Problem description. Among the lines below, a stretch begins at the one with "unit_Me C du e s'" and ends at the one with "- exact: s'_ss.". Repeat that stretch exactly, ends included.

Information shown.

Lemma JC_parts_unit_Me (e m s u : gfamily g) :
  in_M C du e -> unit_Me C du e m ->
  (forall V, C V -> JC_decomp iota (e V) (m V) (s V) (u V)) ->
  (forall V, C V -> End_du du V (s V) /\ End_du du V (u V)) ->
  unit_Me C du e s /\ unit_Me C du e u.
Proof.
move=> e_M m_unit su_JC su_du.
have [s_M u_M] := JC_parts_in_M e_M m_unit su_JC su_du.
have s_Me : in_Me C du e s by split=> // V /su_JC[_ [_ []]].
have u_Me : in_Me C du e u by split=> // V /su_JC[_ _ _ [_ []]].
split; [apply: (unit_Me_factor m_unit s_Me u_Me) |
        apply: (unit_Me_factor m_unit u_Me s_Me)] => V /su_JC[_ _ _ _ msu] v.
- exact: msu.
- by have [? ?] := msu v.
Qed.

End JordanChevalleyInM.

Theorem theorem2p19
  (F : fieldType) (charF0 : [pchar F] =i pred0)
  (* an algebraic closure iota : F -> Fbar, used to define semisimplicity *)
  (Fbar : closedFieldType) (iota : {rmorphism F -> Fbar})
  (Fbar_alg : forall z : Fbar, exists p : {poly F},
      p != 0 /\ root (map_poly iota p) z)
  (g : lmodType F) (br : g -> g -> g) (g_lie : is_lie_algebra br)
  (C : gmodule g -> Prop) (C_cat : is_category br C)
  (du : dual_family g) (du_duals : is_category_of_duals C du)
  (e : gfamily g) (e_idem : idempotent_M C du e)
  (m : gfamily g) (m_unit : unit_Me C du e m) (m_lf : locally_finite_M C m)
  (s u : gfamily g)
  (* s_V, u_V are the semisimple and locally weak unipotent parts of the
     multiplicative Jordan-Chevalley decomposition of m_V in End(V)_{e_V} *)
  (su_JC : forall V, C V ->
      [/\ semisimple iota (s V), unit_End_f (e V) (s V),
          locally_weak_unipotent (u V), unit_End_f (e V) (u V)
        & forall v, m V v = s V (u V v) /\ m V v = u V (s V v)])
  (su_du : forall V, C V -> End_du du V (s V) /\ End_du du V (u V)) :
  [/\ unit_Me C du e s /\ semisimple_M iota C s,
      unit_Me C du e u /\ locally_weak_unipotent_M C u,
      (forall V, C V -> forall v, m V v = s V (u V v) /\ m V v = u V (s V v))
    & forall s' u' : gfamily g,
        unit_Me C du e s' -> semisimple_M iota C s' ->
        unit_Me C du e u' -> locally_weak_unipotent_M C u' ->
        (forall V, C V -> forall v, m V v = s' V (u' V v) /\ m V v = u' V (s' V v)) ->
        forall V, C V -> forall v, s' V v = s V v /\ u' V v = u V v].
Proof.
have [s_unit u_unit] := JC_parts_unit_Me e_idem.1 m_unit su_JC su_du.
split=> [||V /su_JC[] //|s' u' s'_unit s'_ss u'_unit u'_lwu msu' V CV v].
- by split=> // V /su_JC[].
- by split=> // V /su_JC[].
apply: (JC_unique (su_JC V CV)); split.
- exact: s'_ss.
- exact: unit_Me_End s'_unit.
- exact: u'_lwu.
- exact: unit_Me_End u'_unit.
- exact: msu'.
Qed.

Worked solution.
        unit_Me C du e s' -> semisimple_M iota C s' ->
        unit_Me C du e u' -> locally_weak_unipotent_M C u' ->
        (forall V, C V -> forall v, m V v = s' V (u' V v) /\ m V v = u' V (s' V v)) ->
        forall V, C V -> forall v, s' V v = s V v /\ u' V v = u V v].
Proof.
have [s_unit u_unit] := JC_parts_unit_Me e_idem.1 m_unit su_JC su_du.
split=> [||V /su_JC[] //|s' u' s'_unit s'_ss u'_unit u'_lwu msu' V CV v].
- by split=> // V /su_JC[].
- by split=> // V /su_JC[].
apply: (JC_unique (su_JC V CV)); split.
- exact: s'_ss.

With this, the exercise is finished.